Du point de vue technique, elle appartient à l'architecture de l'arc et de la voûte, qui sont ses éléments fonctionnels de base. Elle apparaît robuste et lourde. Le principe de l'élévation est statique : la masse est confrontée au poids. L'extérieur est sobre, avec des murs nus et lisses, interrompus uniquement par les éléments de renfort incorporés dans la structure. Autres éléments de construction : **contreforts, colonnes, piliers, voûtes**.
Sculpture Romane
Elle est subordonnée à l'architecture, qui détermine les lieux et les espaces à couvrir de reliefs et de statues. Son but est didactique et artistique : faire connaître aux fidèles les vérités et les figures sacrées de l'instruction religieuse.
- **Stylisation et exagération** : les figures ne respectent pas les proportions naturelles.
- **Absence de perspective** : ou de gradation des tailles due aux différentes profondeurs des figures.
- **Différence de taille dans les reliefs** : la taille indique l'importance du personnage.
- **Composition symétrique** : les scènes sont construites en maintenant une relation symétrique.
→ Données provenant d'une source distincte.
(* beta(p ^ k) >= 0, since p ^ (k + 1) >= 2 dominates (-1) ^ k. *)
Lemma beta_pexp_ge0 p k : prime p -> 0 <= beta (p ^ k).
Proof.
move=> pp; have p2 : 2 <= p%:Z by have := prime_gt1 pp; lia.
have pk : 2 <= (p%:Z) ^+ k.+1.
  by rewrite exprS -[2]mulr1 ler_pM ?exprn_ege1 //; lia.
have : 0 <= (p%:Z + 1) * beta (p ^ k).
  by rewrite beta_pexp_closed // -signr_odd; case: (odd k); rewrite ?expr0 ?expr1; lia.
by rewrite pmulr_rge0 //; lia.
Qed.

(* The three-term relation behind both identities at prime powers. *)
Lemma beta_pexp_rel p a b : prime p ->
  beta (p ^ a.+1) * beta (p ^ b.+1) + p%:Z * beta (p ^ a) * beta (p ^ b) =
  beta (p ^ (a + b).+2).
Proof.
move=> pp; set P := p%:Z; have P1 : (P + 1) ^+ 2 != 0 by rewrite expf_neq0 //; lia.
apply: (mulfI P1); transitivity
  (((P + 1) * beta (p ^ a.+1)) * ((P + 1) * beta (p ^ b.+1)) +
   P * ((P + 1) * beta (p ^ a)) * ((P + 1) * beta (p ^ b))); first by ring.
transitivity ((P + 1) * ((P + 1) * beta (p ^ (a + b).+2))); last by ring.
by rewrite !beta_pexp_closed // !exprS !exprD; ring.
Qed.

(* beta is nonnegative, being a product of its nonnegative prime-power values. *)
Lemma beta_ge0 n : (0 < n)%N -> 0 <= beta n.
Proof.
move=> n0; apply: (@coprime_pair_ind (fun n _ => 0 <= beta n)) n 1%N n0 isT.
  by rewrite beta1.
move=> p a _ k m pp k0 _ cp /= IH.
have pa : (0 < p ^ a)%N by rewrite expn_gt0 prime_gt0.
rewrite betaM // ?mulr_ge0 ?beta_pexp_ge0 //.
by apply: coprimeXl; apply: coprime_dvd2 cp (dvdnn p) (dvdn_mulr _ _).
Qed.

Definition jointly_multiplicative (R : pzSemiRingType) (F : nat -> nat -> R) :=
  forall n1 m1 n2 m2, (0 < n1)%N -> (0 < m1)%N -> (0 < n2)%N -> (0 < m2)%N ->
  coprime (n1 * m1) (n2 * m2) -> F (n1 * n2)%N (m1 * m2)%N = F n1 m1 * F n2 m2.
(* Let $(X,d,\mu)$, $p$, $\underline{Q}_\mu$ be as in the context, let $\theta_2\in(0,\min\{p,\underline{Q}_\mu\})$ and let $S^2\in\mathcal{ADR}_{\theta_2}(X)$ be a closed set. Then for each $c\ge1$ there is a constant $C>0$ such that whenever $\{B_{r_i}(x_i)\}_{i=1}^{M}$, $M\in\mathbb N$, is an $(S^2,c)$-nice family with $\max_i8cr_i\le1$, then for every $f\in L_p(\mathcal H_{\theta_2}\lfloor_{S^2})$, $$\sum_{i=1}^{M}\frac{\mu(B_{r_i}(x_i))}{r_i^p}\Big(\mathcal E_{\mathcal H_{\theta_2}\lfloor_{S^2}}(f,B_{2cr_i}(x_i))\Big)^p\le C\|f|\mathrm B^{1-\theta_2/p}_p(S^2)\|^p.$$
   Context: Standing setting: $(X,d)$ complete separable metric space, $\mu$ a Borel regular locally finite outer measure, $\operatorname{supp}\mu=X$, uniformly locally doubling (for every $R>0$, $\sup_{r\in(0,R]}\sup_x\mu(B_{2r}(x))/\mu(B_r(x))<\infty$). Balls are closed, $B_r(x)=\{y:d(x,y)\le r\}$, $B_k(x)=B_{2^{-k}}(x)$. A fixed $p\in(1,\infty)$; $X$ supports a weak local $(1,p)$-Poincaré inequality (for every $R>0$ there are $C,\lambda\ge1$ with $\inf_c\frac{1}{\mu(B_r(x))}\int_{B_r(x)}|f-c|d\mu\le Cr(\frac{1}{\mu(B_{\lambda r}(x))}\int_{B_{\lambda r}(x)}(\operatorname{lip}f)^pd\mu)^{1/p}$ for Lipschitz $f$, $x\in X$, $r\in(0,R]$). $\underline{Q}_\mu$ is the infimum of $Q>0$ such that for every $R>0$ there is $C$ with $(r_{B'}/r_B)^Q\le C\mu(B')/\mu(B)$ for balls $B'\subset B$, $0<r_{B'}\le r_B\le R$. Notation: $\mathcal E_{\mathfrak m}(g,G):=\inf_{c\in\mathbb R}\mathfrak m(G)^{-1}\int_G|g-c|d\mathfrak m$ if $\mathfrak m(G)>0$, $0$ otherwise; $\mathfrak m\lfloor_S(E)=\mathfrak m(E\cap S)$. $\mathcal H_{\vartheta,\delta}(E):=\inf\{\sum\mu(B_{r_i}(x_i))r_i^{-\vartheta}:E\subset\bigcup B_{r_i}(x_i),0<r_i<\delta\}$, $\mathcal H_\vartheta=\lim_{\delta\to0}\mathcal H_{\vartheta,\delta}$. $\mathcal{ADR}_\vartheta(X)$: closed $S'$ with $\varkappa_1\mu(B_r(x))r^{-\vartheta}\le\mathcal H_\vartheta(B_r(x)\cap S')\le\varkappa_2\mu(B_r(x))r^{-\vartheta}$ for $x\in S'$, $r\in(0,1]$. Besov norm: $\|f|\mathrm B^s_p(S^2)\|:=\|f|L_p(\mathcal H_{\theta_2}\lfloor_{S^2})\|+(\sum_{k\ge1}2^{ksp}\int_{S^2}(\mathcal E_{\mathcal H_{\theta_2}\lfloor_{S^2}}(f,B_k(x)))^pd\mathcal H_{\theta_2}(x))^{1/p}$. A finite family of closed balls $\{B_{r_i}(x_i)\}$ is $(S^2,c)$-nice if the balls are pairwise disjoint, $\max_ir_i\le1$, and $B_{cr_i}(x_i)\cap S^2\ne\emptyset$ for all $i$. *)

From HB Require Import structures.
From mathcomp Require Import all_boot all_order all_algebra.
From mathcomp Require Import all_classical all_reals all_analysis.

Set Implicit Arguments.
Unset Strict Implicit.
Unset Printing Implicit Defensive.

Import Order.TTheory GRing.Theory Num.Theory.
Local Open Scope classical_set_scope.
Local Open Scope ring_scope.

Section MetricMeasure.
Context {R : realType} {disp : measure_display} {X : measurableType disp}.
Variable d : X -> X -> R.

Definition is_metric : Prop :=
  [/\ forall x, d x x = 0,
      forall x y, d x y = d y x,
      forall x y z, d x z <= d x y + d y z
    & forall x y, d x y = 0 -> x = y].

Definition d_complete : Prop :=
  forall u : nat -> X,
    (forall e, 0 < e -> exists N, forall m n, (N <= m)%N -> (N <= n)%N ->
        d (u m) (u n) < e) ->
    exists l, forall e, 0 < e -> exists N, forall n, (N <= n)%N -> d (u n) l < e.

Definition d_separable : Prop :=
  exists D : nat -> X, forall x e, 0 < e -> exists n, d x (D n) < e.

Definition d_open (A : set X) : Prop :=
  forall x, A x -> exists2 e, 0 < e & forall y, d x y < e -> A y.

Definition d_closed (A : set X) : Prop := d_open (~` A).

Definition d_borel : Prop := (measurable : set (set X)) = <<s d_open >>.

Definition cball (x : X) (r : R) : set X := [set y | d x y <= r].

Definition d_lipschitz (f : X -> R) : Prop :=
  exists L : R, forall x y, `|f x - f y| <= L * d x y.

Definition lip (f : X -> R) (x : X) : \bar R :=
  ereal_sup [set ereal_inf [set ereal_sup [set ((`|f y - f x| / r)%:E) | y in cball x r]
                            | r in [set r : R | 0 < r < delta]]
            | delta in [set delta : R | 0 < delta]].

Definition Eosc (m : set X -> \bar R) (g : X -> R) (G : set X) : \bar R :=
  if (0 < m G)%E then
    ereal_inf [set (((fine (m G))^-1)%:E * \int[m]_(y in G) (`|g y - c|)%:E)%E
              | c in [set: R]]
  else 0%E.

Definition unif_loc_doubling (mu : set X -> \bar R) : Prop :=
  forall R0 : R, 0 < R0 -> exists C : R, forall r x, 0 < r <= R0 ->
    (mu (cball x (2 * r)) <= C%:E * mu (cball x r))%E.

Definition loc_poincare (mu : set X -> \bar R) (p : R) : Prop :=
  forall R0 : R, 0 < R0 -> exists C lam : R, 1 <= C /\ 1 <= lam /\
    forall f, d_lipschitz f -> forall x r, 0 < r <= R0 ->
      (Eosc mu f (cball x r) <=
       (C * r)%:E *
         ((((fine (mu (cball x (lam * r))))^-1)%:E *
            \int[mu]_(y in cball x (lam * r)) (lip f y `^ p)) `^ (p^-1)))%E.

Definition lowQ_admissible (mu : set X -> \bar R) (Q : R) : Prop :=
  0 < Q /\
  forall R0 : R, 0 < R0 -> exists C : R,
    forall x' r' x r, cball x' r' `<=` cball x r -> 0 < r' <= r -> r <= R0 ->
      (((r' / r) `^ Q)%:E <= C%:E * (mu (cball x' r') / mu (cball x r)))%E.

(** lower Q_mu = inf of admissible Q (in extended reals, +oo if none). *)
Definition lowQ (mu : set X -> \bar R) : \bar R :=
  ereal_inf [set Q%:E | Q in lowQ_admissible mu].

(** H_{theta,delta}(E): countable (or finite, via the index set I) covers. *)
Definition Hcontent_delta (mu : set X -> \bar R) (theta delta : R) (E : set X)
  : \bar R :=
  ereal_inf [set s | exists (I : set nat) (xs : nat -> X) (rs : nat -> R),
     [/\ forall i, I i -> 0 < rs i < delta,
         E `<=` \bigcup_(i in I) cball (xs i) (rs i)
       & s = (\sum_(i <oo | i \in I) (mu (cball (xs i) (rs i)) *
                                       ((rs i) `^ (- theta))%:E))%E]].

(** H_theta = lim_{delta -> 0} H_{theta,delta} (a monotone limit = sup). *)
Definition Hmeas (mu : set X -> \bar R) (theta : R) (E : set X) : \bar R :=
  ereal_sup [set Hcontent_delta mu theta delta E | delta in [set delta : R | 0 < delta]].

Definition ADR (mu : set X -> \bar R) (theta : R) (S : set X) : Prop :=
  d_closed S /\
  exists k1 k2 : R, 0 < k1 /\ 0 < k2 /\
    forall x r, S x -> 0 < r <= 1 ->
      (k1%:E * mu (cball x r) * (r `^ (- theta))%:E <= Hmeas mu theta (cball x r `&` S)
       /\ Hmeas mu theta (cball x r `&` S) <= k2%:E * mu (cball x r) * (r `^ (- theta))%:E)%E.

Definition in_Lp (nu : set X -> \bar R) (p : R) (f : X -> R) : Prop :=
  measurable_fun setT f /\ (\int[nu]_x ((`|f x|%:E) `^ p) < +oo)%E.

(** Besov norm  || f | B^s_p(S) || w.r.t. the measure nu (= H_theta restricted to S). *)
Definition besov_norm (nu : set X -> \bar R) (S : set X) (s p : R) (f : X -> R)
  : \bar R :=
  ((\int[nu]_(x in S) ((`|f x|%:E) `^ p)) `^ (p^-1) +
   (\sum_(1 <= k <oo)
      ((2 `^ (k%:R * s * p))%:E *
       \int[nu]_(x in S) (Eosc nu f (cball x (2 `^ (- k%:R))) `^ p))) `^ (p^-1))%E.

Definition nice_family (S : set X) (c : R) (M : nat) (xs : 'I_M -> X)
  (rs : 'I_M -> R) : Prop :=
  [/\ forall i, 0 < rs i,
      forall i j, i != j -> cball (xs i) (rs i) `&` cball (xs j) (rs j) = set0,
      forall i, rs i <= 1
    & forall i, cball (xs i) (c * rs i) `&` S !=set0].

End MetricMeasure.

From HB Require Import structures.
From mathcomp Require Import all_boot all_order all_algebra.
From mathcomp Require Import all_classical all_reals all_analysis measurable_realfun.
From mathcomp Require Import ring lra.
Import Order.TTheory GRing.Theory Num.Theory.
Set Implicit Arguments.
Unset Strict Implicit.
Local Open Scope classical_set_scope.
Local Open Scope ring_scope.

(* Fix a ball B_i = B(x_i, r_i) of the family, a point z_i of S within c r_i of
   x_i, and a dyadic radius 2^-k_i between 4 c r_i and 8 c r_i.  For every y in
   A_i = B(z_i, c r_i) ∩ S the ball B(x_i, 2 c r_i) lies inside B(y, 2^-k_i),
   and doubling together with the Ahlfors regularity of S makes the nu-measures
   of these two balls comparable, so the oscillation of f on B(x_i, 2 c r_i) is
   at most a constant times its oscillation on B(y, 2^-k_i), uniformly in
   y in A_i.  As mu(B_i) r_i^-p <~ 2^(k_i (p - theta)) nu(A_i), the i-th term is
   bounded by the k_i-th Besov weight times the integral over A_i of the k_i-th
   Besov integrand.  Since the B_i are disjoint, doubling bounds the number of
   sets A_i of a fixed scale that contain a given point, and summing over i
   yields the Besov seminorm. *)

Definition dyadic {R : realType} (j : nat) : R := 2 `^ (- j%:R).

Section RealInequalities.
Context {R : realType}.

Lemma dyadic_gt0 j : 0 < dyadic j :> R.
Proof. exact: powR_gt0. Qed.

Lemma dyadic_le1 j : dyadic j <= 1 :> R.
Proof.
by rewrite /dyadic powR_invn // invf_le1 ?exprn_gt0 // exprn_ege1 ?ler1n.
Qed.

Lemma dyadic_scale (a : R) : 0 < a -> 2 * a <= 1 ->
  exists2 k : nat, (0 < k)%N & a <= dyadic k <= 2 * a.
Proof.
move=> a_gt0 a_le.
have dyadicE k : dyadic k = (2 ^+ k)^-1 :> R by rewrite /dyadic powR_invn.
pose P k := a * 2 ^+ k <= 1.
have P1 : P 1%N by rewrite /P expr1 mulrC.
have P_bounded k : P k -> (k <= Num.truncn a^-1)%N.
  move=> Pk; have : (2 ^+ k < (Num.truncn a^-1).+1)%N.
    rewrite -(ltr_nat R) natrX; apply: le_lt_trans (truncnS_gt _).
    by rewrite -[a^-1]mulr1 ler_pdivlMl.
  exact/ltn_trans/ltn_expl.
have [k Pk k_max] := ex_maxnP (ex_intro _ 1%N P1) P_bounded.
have two_k : 0 < 2 ^+ k :> R by rewrite exprn_gt0.
exists k; first exact: k_max.
rewrite dyadicE; apply/andP; split.
  by rewrite -(ler_pM2r two_k) mulVf ?gt_eqF.
have : ~~ P k.+1 by apply/negP => /k_max; rewrite ltnn.
rewrite /P -ltNge exprS => lt.
by rewrite -(ler_pM2r two_k) mulVf ?gt_eqF // -mulrA mulrCA ltW.
Qed.

Lemma inv_powR_le_weight (th p a b r rho : R) : 0 < th -> th < p ->
  0 < a -> a <= rho -> 0 < r -> rho <= b * r ->
  (r `^ p)^-1 <= b `^ p * rho `^ (th - p) * a `^ (- th).
Proof.
move=> th_gt0 th_lt_p a_gt0 a_le r_gt0 rho_le.
have rho_gt0 : 0 < rho := lt_le_trans a_gt0 a_le.
have b_gt0 : 0 < b by have := lt_le_trans rho_gt0 rho_le; rewrite pmulr_lgt0.
apply: (@le_trans _ _ (b `^ p * rho `^ (th - p) * rho `^ (- th))); last first.
  rewrite ler_wpM2l ?mulr_ge0 ?powR_ge0 // !powRN lef_pV2 ?posrE ?powR_gt0 //.
  by rewrite (ge0_ler_powR (ltW th_gt0)) // nnegrE ltW.
rewrite -mulrA -powRD; last by apply/implyP => _; rewrite gt_eqF.
rewrite (_ : th - p + - th = - p); last by ring.
rewrite powRN ler_pdivlMr ?powR_gt0 // mulrC ler_pdivrMr ?powR_gt0 //.
rewrite -powRM ?(ltW b_gt0) ?(ltW r_gt0) //.
by rewrite (ge0_ler_powR (ltW (lt_trans th_gt0 th_lt_p))) // nnegrE ltW ?mulr_gt0.
Qed.

End RealInequalities.

Section MetricBalls.
Context {R : realType} {disp : measure_display} {X : measurableType disp}.
Implicit Types (d : X -> X -> R) (x y : X) (r s : R).

Lemma sub_cball d x y r s : is_metric d -> d x y + r <= s ->
  cball d y r `<=` cball d x s.
Proof.
case=> _ _ d_tri _ hs z; rewrite /cball /= => hz.
by have := d_tri x y z; lra.
Qed.

Lemma measurable_cball d x r : is_metric d -> d_borel d ->
  measurable (cball d x r).
Proof.
case=> _ d_sym d_tri _ d_B.
rewrite -(setCK (cball d x r)); apply: measurableC.
rewrite d_B; apply: sub_gen_smallest => y /negP; rewrite -ltNge => r_lt.
exists (d x y - r) => [|w yw /=]; first by rewrite subr_gt0.
apply/negP; rewrite -ltNge.
by have := d_tri x w y; rewrite (d_sym w y); lra.
Qed.

Lemma d_closed_measurable d (A : set X) : d_borel d -> d_closed d A ->
  measurable A.
Proof.
move=> d_B A_closed; rewrite -(setCK A); apply: measurableC.
by rewrite d_B; apply: sub_gen_smallest.
Qed.

End MetricBalls.

Section Oscillation.
Context {R : realType} {disp : measure_display} {X : measurableType disp}.
Variable nu : {measure set X -> \bar R}.
Local Open Scope ereal_scope.

(* Unlike [ge0_le_integral], no measurability is required (the nonnegative
   integral is a supremum over dominated simple functions): the Besov integrands
   [fun y => Eosc nu f (cball d y r) `^ p] are not known to be measurable. *)
Lemma ge0_le_integral_nonmeasurable (D : set X) (f g : X -> \bar R) :
  (forall x, D x -> 0 <= f x) -> (forall x, D x -> f x <= g x) ->
  \int[nu]_(x in D) f x <= \int[nu]_(x in D) g x.
Proof.
move=> f_ge0 f_le_g.
have g_ge0 x : D x -> 0 <= g x by move=> Dx; exact: le_trans (f_ge0 x Dx) (f_le_g x Dx).
rewrite (ge0_integralE nu f_ge0) (ge0_integralE nu g_ge0).
apply: ereal_sup_le => _ [h /= h_le <-]; exists h => //= x.
apply: le_trans (h_le x) _; rewrite /patch; case: ifP => // /set_mem.
exact: f_le_g.
Qed.

Lemma Eosc_ge0 (f : X -> R) (G : set X) : 0 <= Eosc nu f G.
Proof.
rewrite /Eosc; case: ifP => // _.
apply: le_ereal_inf_tmp => _ [c _ <-].
by rewrite mule_ge0 ?integral_ge0 // lee_fin invr_ge0 fine_ge0.
Qed.

Lemma Eosc_le_subset (f : X -> R) (G G' : set X) (L : R) :
  measurable_fun setT f -> measurable G -> measurable G' -> G `<=` G' ->
  0 < nu G -> nu G' < +oo -> nu G' <= L%:E * nu G ->
  Eosc nu f G <= L%:E * Eosc nu f G'.
Proof.
move=> mf mG mG' GG' nuG_gt0 nuG'_fin nuG'_le.
have nuG_le : nu G <= nu G' by apply: le_measure; rewrite ?inE.
have nuG'_gt0 : 0 < nu G' := lt_le_trans nuG_gt0 nuG_le.
have nuG_fin : nu G < +oo := le_lt_trans nuG_le nuG'_fin.
have a_gt0 : (0 < fine (nu G))%R by apply: fine_gt0; rewrite nuG_gt0.
have b_gt0 : (0 < fine (nu G'))%R by apply: fine_gt0; rewrite nuG'_gt0.
have ba_le : (fine (nu G') <= L * fine (nu G))%R.
  by rewrite -lee_fin EFinM !fineK ?ge0_fin_numE ?measure_ge0.
have L_gt0 : (0 < L)%R by have := lt_le_trans b_gt0 ba_le; rewrite pmulr_lgt0.
have inv_le : ((fine (nu G))^-1 <= L * (fine (nu G'))^-1)%R.
  by rewrite ler_pdivlMr // mulrC ler_pdivrMr.
rewrite /Eosc nuG_gt0 nuG'_gt0 -lee_pdivrMl //.
apply: le_ereal_inf_tmp => _ [c _ <-].
rewrite lee_pdivrMl // muleA -EFinM.
apply: le_trans (ereal_inf_lbound _) _; first by exists c.
apply: lee_pmul; rewrite ?lee_fin ?invr_ge0 ?fine_ge0 ?integral_ge0 //.
apply: ge0_subset_integral => //; apply/measurable_EFinP.
by apply: measurableT_comp => //; apply: measurable_funB => //; exact: measurable_funS mf.
Qed.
Dans les tympans, la composition est toujours centrée autour de la figure du Christ.
Peinture Romane
La peinture romane connaît un développement remarquable, car les vastes étendues de murs plats étaient propices à la peinture murale. Elle était donc un art subordonné à la construction.
Le manque de perspective, les aplats de couleurs, la composition symétrique, la rigidité des personnages et l'inexpressivité des visages (qui affichent souvent un regard étonné) témoignent d'une influence certaine de l'Orient, notamment à travers l'art de Byzance. La technique utilisée est celle de la **fresque**.
Des exemples notables incluent :
- Les églises romanes catalanes, caractérisées par des couleurs translucides et des motifs abstraits à signification symbolique.
- Les églises italiennes, où sont peintes des scènes religieuses montrant une certaine volonté de copier fidèlement la nature.